I rappresentanti di ben 9 sigle sindacali scrivono ai media”Vogliamo portare alla vostra attenzione il problema sicurezza a Terni purtroppo sottaciuto da tutti, ma la cosa più grave è che la maggior parte dei cittadini ternani non è informato di quanto sta accadendo. Abbiamo sempre pensato che uno dei compiti più importanti sia quello di fare informazione o meglio una buona informazione e tentare di migliorare le condizioni di lavoro non solo dei colleghi, ma anche di tutti i cittadini, non fosse altro perché molti degli appartenenti alle forze dell’ordine sono prima di tutto cittadini ternani. Non possiamo pertanto tacere su quanto sta accadendo, nel più completo silenzio, nella Casa Circondariale di Terni, dove, è opportuno ricordarlo, sono presenti persone che, per i loro precedenti penali e per i loro percorsi criminali (associazione mafiosa, ‘ndrangheta, camorra, terrorismo, mafia e sacra corona unita), possono essere considerati detenuti speciali, sottoposti al regime detentivo 41/bis e di alta sicurezza (A.S.2 e A.S.3)”.
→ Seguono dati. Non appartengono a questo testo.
(* The cycle 0, 1, ..., a, b, b+1, ..., d, e; its chords are {a, b}, {d, e} and {e, 0}. *)
Lemma rainbow_cycle_three_arcs w L a e b d :
  rainbow_path w L -> 0 < a < e -> e < b <= d -> d <= L ->
  ~ (arc_color w 0 a (c (w a) (w b)) \/ arc_color w b d (c (w a) (w b))) ->
  ~ (arc_color w 0 a (c (w d) (w e)) \/ arc_color w b d (c (w d) (w e))) ->
  ~ (arc_color w 0 a (c (w e) (w 0)) \/ arc_color w b d (c (w e) (w 0))) ->
  c (w a) (w b) <> c (w d) (w e) -> c (w a) (w b) <> c (w e) (w 0) ->
  c (w d) (w e) <> c (w e) (w 0) ->
  rainbow_cycle c (a + (d - b) + 3).
Proof.
move=> wP ae ebd dL x_fresh y_fresh z_fresh xy xz yz.
set n := a + (d - b) + 3.
pose p i := if i <= a then i else if i <= a + (d - b) + 1 then b + i - a.+1 else e.
pose q i := if i < a then i else b + i - a.+1.
have chord1 : cycle_color w p n a = c (w a) (w b).
  rewrite /cycle_color modn_small /p; try lia.
  by case_ifs; try lia; do 2 f_equal; lia.
have chord2 : cycle_color w p n (a + (d - b) + 1) = c (w d) (w e).
  rewrite /cycle_color modn_small /p; try lia.
  by case_ifs; try lia; do 2 f_equal; lia.
have chord3 : cycle_color w p n n.-1 = c (w e) (w 0).
  rewrite /cycle_color prednK ?modnn /p; try lia.
  by case_ifs; try lia; do 2 f_equal; lia.
have edgeP i : i < n -> i \notin [:: a; a + (d - b) + 1; n.-1] ->
    (q i < a \/ b <= q i < d) /\ cycle_color w p n i = walk_color w (q i).
  rewrite !inE => hi /norP[/eqP ? /norP[/eqP ? /eqP ?]].
  rewrite /cycle_color modn_small /p /q; last by lia.
  by case_ifs; try lia; split; try lia; rewrite /walk_color; do 2 f_equal; lia.
apply: (@rainbow_cycle_of_path w L n p q [:: a; a + (d - b) + 1; n.-1]) => //.
- lia.
- by move=> i hi; rewrite /p; case_ifs; lia.
- by move=> i j hi hj; rewrite /p; case_ifs; lia.
- by move=> i hi iS; have [hq ->] := edgeP i hi iS; split=> //; lia.
- move=> i j hi hj; rewrite !inE => /norP[/eqP ? /norP[/eqP ? /eqP ?]].
  move=> /norP[/eqP ? /norP[/eqP ? /eqP ?]].
  by rewrite /q; case_ifs; lia.
- move=> s i + hi iS; have [hq _] := edgeP i hi iS.
  rewrite !inE => /or3P[]/eqP->; rewrite ?chord1 ?chord2 ?chord3 => ex.
  + by apply: x_fresh; case: hq => hq; [left | right]; exists (q i).
  + by apply: y_fresh; case: hq => hq; [left | right]; exists (q i).
  + by apply: z_fresh; case: hq => hq; [left | right]; exists (q i).
- move=> s s'; rewrite !inE => /or3P[]/eqP-> /or3P[]/eqP->;
    rewrite ?chord1 ?chord2 ?chord3 // => ex.
  all: first [by case: xy; rewrite ex | by case: xz; rewrite ex | by case: yz; rewrite ex].
Qed.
Proseguono i sindacati della Polizia Penitenziaria: “L’arrivo di ulteriori 300 detenuti A.S.3 determineranno il trasferimento di interi nuclei (soprattutto familiari) che scelgono di sovente la nostra Provincia e la nostra città per stabilizzarsi e continuare tranquillamente la loro attività criminale. Non vogliamo certo continuare l’elenco delle problematiche parlando dei collaboratori di giustizia e dei soggetti con l’obbligo di soggiorno che numerosi risiedono in città, che hanno portato ad infiltrazioni di soggetti appartenenti ad organizzazioni criminali, rendendo critica la sicurezza di Terni e Provincia”.
In conclusione i rappresentanti sindacali della Polizia Penitenziaria “con l’incontro presso il Comune di Terni, previsto per venerdì 2 maggio speriamo di trovare alleati per cercare insieme di migliorare la sicurezza, sia dell’Istituto che del territorio ternano”.